[Recorded information Boundary: Start]
(* Let $r\geq1$ and let $\mathbf a=(a_1,\ldots,a_r)$ be positive integers with $\gcd(a_1,\ldots,a_r)=1$, and let $D=\operatorname{lcm}(a_1,\ldots,a_r)$. Then the Frobenius number satisfies $$F(a_1,\ldots,a_r)\leq D(r-1)-a_1-\cdots-a_r.$$
   Context: The Frobenius number $F(a_1,\ldots,a_r)$ is the largest integer $n$ that cannot be written as $a_1x_1+\cdots+a_rx_r$ with integers $x_1,\ldots,x_r\geq 0$. *)

From mathcomp Require Import all_boot all_order all_algebra.
Set Implicit Arguments. Unset Strict Implicit. Unset Printing Implicit Defensive.
Import Order.TTheory GRing.Theory Num.Theory.
Local Open Scope ring_scope.

Definition representable (r : nat) (a : 'I_r -> nat) (n : int) : Prop :=
  exists x : 'I_r -> nat, n = ((\sum_(i < r) a i * x i)%N)%:Z.

Definition is_frobenius_number (r : nat) (a : 'I_r -> nat) (F : int) : Prop :=
  ~ representable a F /\ forall n : int, F < n -> representable a n.

From Stdlib Require Import Classical_Prop ClassicalEpsilon.
From mathcomp Require Import all_boot all_order all_algebra zify ring.
Import Order.TTheory GRing.Theory Num.Theory.
Local Open Scope ring_scope.

(* By Bezout, 1 = a_1 y_1 + ... + a_r y_r, so every integer n equals
   a_1 (n y_1) + ... + a_r (n y_r).  Reducing n y_i modulo m_i = D / a_i moves
   only multiples of a_i m_i = D, giving n = a_1 z_1 + ... + a_r z_r + D Q with
   0 <= z_i < m_i.  Then a_i z_i <= D - a_i, so the z-part is at most
   r D - (a_1 + ... + a_r); when n exceeds D (r - 1) - (a_1 + ... + a_r) this
   forces D Q > -D, i.e. Q >= 0, and D Q = a_1 (m_1 Q) is representable too.
   Since -1 is not representable, the Frobenius number exists and obeys the
   same bound. *)

Lemma big_gcdn_Bezoutz {r : nat} (a : 'I_r -> nat) :
  exists y : 'I_r -> int,
    \sum_(i < r) (a i)%:Z * y i = (\big[gcdn/0%N]_(i < r) a i)%N%:Z.
Proof.
elim: r a => [|r IH] a; first by exists (fun=> 0); rewrite !big_ord0.
have [y Bezout_y] := IH (fun i => a (lift ord0 i)).
have [u [v Bezout_uv]] :=
  Bezoutz (a ord0)%:Z (\big[gcdn/0%N]_(i < r) a (lift ord0 i))%N%:Z.
exists (fun i => if unlift ord0 i is Some j then v * y j else u).
rewrite !big_ord_recl /= unlift_none.
under eq_bigr => i _ do rewrite liftK.
rewrite [LHS](_ : _ = u * (a ord0)%:Z + v * \sum_(i < r) (a (lift ord0 i))%:Z * y i).
  by rewrite Bezout_y Bezout_uv.
rewrite mulrC mulr_sumr; congr (_ + _); apply: eq_bigr => i _; exact: mulrCA.
Qed.

Lemma biglcmn_gt0 {r : nat} {a : 'I_r -> nat} :
  (forall i, 0 < a i)%N -> (0 < \big[lcmn/1%N]_(i < r) a i)%N.
Proof.
by move=> a_gt0; elim/big_ind: _ => // m n m_gt0 n_gt0; rewrite lcmn_gt0 m_gt0.
Qed.

Lemma exists_max_int_failure {P : int -> Prop} {B c : int} :
  ~ P c -> (forall n, B < n -> P n) -> exists F, ~ P F /\ forall n, F < n -> P n.
Proof.
move=> not_Pc P_above.
pose fails k := if excluded_middle_informative (P (B - k%:Z)) then false else true.
have failsP k : reflect (~ P (B - k%:Z)) (fails k).
  by rewrite /fails; case: excluded_middle_informative; constructor.
have dist_B m : ~ P m -> B - `|B - m|%N%:Z = m.
  move=> not_Pm; have : m <= B by rewrite leNgt; apply/negP => /P_above.
  by rewrite -subr_ge0 => /gez0_abs ->; rewrite opprB addrC subrK.
have fails_c : exists k, fails k by exists `|B - c|%N; apply/failsP; rewrite dist_B.
case: (ex_minnP fails_c) => k /failsP not_PF k_min.
exists (B - k%:Z); split=> // n lt_n; apply: NNPP => not_Pn.
have /k_min : fails `|B - n|%N by apply/failsP; rewrite dist_B.
by have := dist_B n not_Pn; lia.
Qed.

Section Representable.

Context {r : nat} {a : 'I_r -> nat}.

Lemma representableD m n :
  representable a m -> representable a n -> representable a (m + n).
Proof.
move=> [x ->] [y ->]; exists (fun i => x i + y i)%N.
by rewrite -PoszD -big_split; congr Posz; apply: eq_bigr => i _; rewrite mulnDr.
Qed.

Lemma representable_gen i (k : nat) : representable a (a i * k)%N.
Proof.
exists (fun j => (j == i) * k)%N; rewrite (bigD1 i) //= eqxx mul1n big1 ?addn0 //.
by move=> j /negbTE ->; rewrite mul0n muln0.
Qed.

Hypotheses (a_gt0 : forall i, (0 < a i)%N)
           (a_coprime : (\big[gcdn/0%N]_(i < r) a i)%N = 1%N).
Context {D : nat}.
Hypotheses (D_gt0 : (0 < D)%N) (a_dvd_D : forall i, (a i %| D)%N).

Lemma reduced_decomposition (n : int) :
  exists2 z : 'I_r -> nat, (forall i, a i * z i + a i <= D)%N &
    exists Q : int, n = (\sum_(i < r) a i * z i)%N%:Z + D%:Z * Q.
Proof.
have [y Bezout_y] : exists y : 'I_r -> int, \sum_(i < r) (a i)%:Z * y i = 1.
  by rewrite -[1]/(1%N%:Z) -a_coprime; exact: big_gcdn_Bezoutz.
pose m i := (D %/ a i)%N.
have a_m i : (a i * m i)%N = D by rewrite mulnC divnK.
have m_gt0 i : (0 < m i)%N by rewrite -(ltn_pmul2l (a_gt0 i)) a_m muln0.
pose z i := ((n * y i) %% (m i)%:Z)%Z.
have z_ge0 i : 0 <= z i by rewrite modz_ge0 // eqz_nat -lt0n.
exists (fun i => `|z i|%N).
  move=> i; rewrite -(a_m i) -mulnSr leq_pmul2l // -ltz_nat gez0_abs //.
  by rewrite ltz_pmod // ltz_nat.
exists (\sum_(i < r) ((n * y i) %/ (m i)%:Z)%Z).
rewrite -[LHS]mulr1 -Bezout_y (big_morph Posz PoszD (erefl 0%:Z)).
rewrite !mulr_sumr -big_split /=; apply: eq_bigr => i _.
rewrite PoszM gez0_abs // mulrCA [in LHS](divz_eq (n * y i) (m i)%:Z) -(a_m i).
by rewrite PoszM /z; ring.
Qed.

Lemma representable_gt (n : int) :
  D%:Z * (r%:Z - 1) - (\sum_(i < r) a i)%N%:Z < n -> representable a n.
Proof.
move=> n_gt.
have [z z_small [Q def_n]] := reduced_decomposition n.
have z_part : (\sum_(i < r) a i * z i + \sum_(i < r) a i <= D * r)%N.
  by rewrite -big_split -iter_addn_0 -big_const_ord leq_sum.
have Q_ge0 : 0 <= Q.
  have : 0 < D%:Z * (Q + 1) by nia.
  by rewrite pmulr_rgt0 ?ltz_nat // ltzD1.
have [i0 _ | no_index] := pickP (@predT 'I_r); last first.
  by move: a_coprime; rewrite big_pred0.
rewrite def_n; apply: representableD; first by exists z.
rewrite -(gez0_abs Q_ge0) -PoszM -(divnK (a_dvd_D i0)) mulnAC mulnC.
exact: representable_gen.
Qed.

End Representable.

Theorem proposition5p1 (r : nat) (a : 'I_r -> nat) :
  (1 <= r)%N ->
  (forall i, (0 < a i)%N) ->
  (\big[gcdn/0%N]_(i < r) a i)%N = 1%N ->
  exists F : int, is_frobenius_number a F /\
    F <= ((\big[lcmn/1%N]_(i < r) a i)%N)%:Z * (r%:Z - 1)
         - ((\sum_(i < r) a i)%N)%:Z.
Proof.
(* [1 <= r] is implied by coprimality, the empty gcd being 0. *)
move=> _ a_gt0 a_coprime.
have above := representable_gt a_gt0 a_coprime (biglcmn_gt0 a_gt0)
  (fun i => biglcmn_sup i (erefl true) (dvdnn (a i))).
have not_rep_neg1 : ~ representable a (-1) by case.
have [F [F_not_rep F_max]] := exists_max_int_failure not_rep_neg1 above.
exists F; split=> //.
by rewrite leNgt; apply/negP => /above.
Qed.
(* The following are equivalent: (1) $J_\omega[\aleph_2]=\{S\subseteq\aleph_2\mid S\cap S^2_1\text{ is nonstationary}\}$; (2) $J_\omega[\aleph_2]\neq\mathrm{NS}_{\aleph_2}$; (3) $m(\aleph_0,\aleph_0,\aleph_0,\aleph_0)=\aleph_1$; (4) $\mathfrak b=\aleph_1$.
   Context: $S^2_1=\{\alpha<\aleph_2\mid\mathrm{cf}(\alpha)=\aleph_1\}$; $\mathrm{NS}_{\aleph_2}$ is the nonstationary ideal; $\mathfrak b$ is the bounding number. For a set $\Delta$, cardinal $\lambda$, infinite regular $\theta\le|\Delta|$ and $\chi$ equal to $2$ or an infinite cardinal, $m(\Delta,\lambda,\theta,\chi)$ is the least size of a family $\mathcal H$ of functions from $\Delta$ to $[\lambda]^{<\chi}$ such that for every $X\in[\Delta]^\theta$ and every $g:X\to\lambda$ there is $h\in\mathcal H$ with $|\{\xi\in X\mid g(\xi)\in h(\xi)\}|=\theta$. For regular uncountable $\kappa$, $J_\omega[\kappa]$ is the collection of all $S\subseteq\kappa$ for which there exist a club $C\subseteq\kappa$ and functions $f_i:\kappa\to[\kappa]^{<\omega}$ ($i<\kappa$) such that for every $\alpha\in S\cap C$, every regressive $f:\alpha\to\alpha$ and every cofinal $B\subseteq\alpha$, there is $i<\alpha$ with $\sup\{\beta\in B\mid f(\beta)\in f_i(\beta)\}=\alpha$. *)

From Stdlib Require Import List Arith.
Import ListNotations.

Definition is_wellorder {T : Type} (lt : T -> T -> Prop) : Prop :=
  (forall x, ~ lt x x) /\
  (forall x y z, lt x y -> lt y z -> lt x z) /\
  (forall x y, lt x y \/ x = y \/ lt y x) /\
  well_founded lt.

Definition injects_on {T U : Type} (A : T -> Prop) : Prop :=
  exists f : T -> U, forall x y, A x -> A y -> f x = f y -> x = y.

(* (T1, lt1) is (isomorphic to) omega_1: an uncountable well-order all of whose
   proper initial segments are countable *)
Definition omega1_like {T1 : Type} (lt1 : T1 -> T1 -> Prop) : Prop :=
  is_wellorder lt1 /\
  ~ (@injects_on T1 nat (fun _ => True)) /\
  (forall a, @injects_on T1 nat (fun x => lt1 x a)).

(* (T2, lt2) is (isomorphic to) omega_2, given T1 of size aleph_1: a well-order
   of size > aleph_1 all of whose proper initial segments have size <= aleph_1 *)
Definition omega2_like (T1 : Type) {T2 : Type} (lt2 : T2 -> T2 -> Prop) : Prop :=
  is_wellorder lt2 /\
  ~ (@injects_on T2 T1 (fun _ => True)) /\
  (forall a, @injects_on T2 T1 (fun x => lt2 x a)).

Section Kappa.
Context {T1 : Type} (lt1 : T1 -> T1 -> Prop) {T2 : Type} (lt2 : T2 -> T2 -> Prop).

Definition le2 (x y : T2) : Prop := lt2 x y \/ x = y.

Definition cof_omega1 (alpha : T2) : Prop :=
  exists h : T1 -> T2,
    (forall x y, lt1 x y -> lt2 (h x) (h y)) /\
    (forall x, lt2 (h x) alpha) /\
    (forall d, lt2 d alpha -> exists x, le2 d (h x)).

Definition S21 (alpha : T2) : Prop := cof_omega1 alpha.

Definition sup_is (X : T2 -> Prop) (alpha : T2) : Prop :=
  forall d, lt2 d alpha -> exists b, X b /\ lt2 d b /\ lt2 b alpha.

Definition club (C : T2 -> Prop) : Prop :=
  (forall x, exists y, C y /\ lt2 x y) /\
  (forall alpha, (exists d, lt2 d alpha) -> sup_is C alpha -> C alpha).

Definition stationary (S : T2 -> Prop) : Prop :=
  forall C, club C -> exists x, S x /\ C x.

Definition nonstationary (S : T2 -> Prop) : Prop := ~ stationary S.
[Recorded information Boundary: End]
» **Work instructions**:
Go through the listing above and write out exactly the lines starting with the one holding "From Stdlib Require Import Classical_Prop" and running through the one holding "elim: r a =>", ends included, and no others.

» **Written answer**:
From Stdlib Require Import Classical_Prop ClassicalEpsilon.
From mathcomp Require Import all_boot all_order all_algebra zify ring.
Import Order.TTheory GRing.Theory Num.Theory.
Local Open Scope ring_scope.

(* By Bezout, 1 = a_1 y_1 + ... + a_r y_r, so every integer n equals
   a_1 (n y_1) + ... + a_r (n y_r).  Reducing n y_i modulo m_i = D / a_i moves
   only multiples of a_i m_i = D, giving n = a_1 z_1 + ... + a_r z_r + D Q with
   0 <= z_i < m_i.  Then a_i z_i <= D - a_i, so the z-part is at most
   r D - (a_1 + ... + a_r); when n exceeds D (r - 1) - (a_1 + ... + a_r) this
   forces D Q > -D, i.e. Q >= 0, and D Q = a_1 (m_1 Q) is representable too.
   Since -1 is not representable, the Frobenius number exists and obeys the
   same bound. *)

Lemma big_gcdn_Bezoutz {r : nat} (a : 'I_r -> nat) :
  exists y : 'I_r -> int,
    \sum_(i < r) (a i)%:Z * y i = (\big[gcdn/0%N]_(i < r) a i)%N%:Z.
Proof.
elim: r a => [|r IH] a; first by exists (fun=> 0); rewrite !big_ord0.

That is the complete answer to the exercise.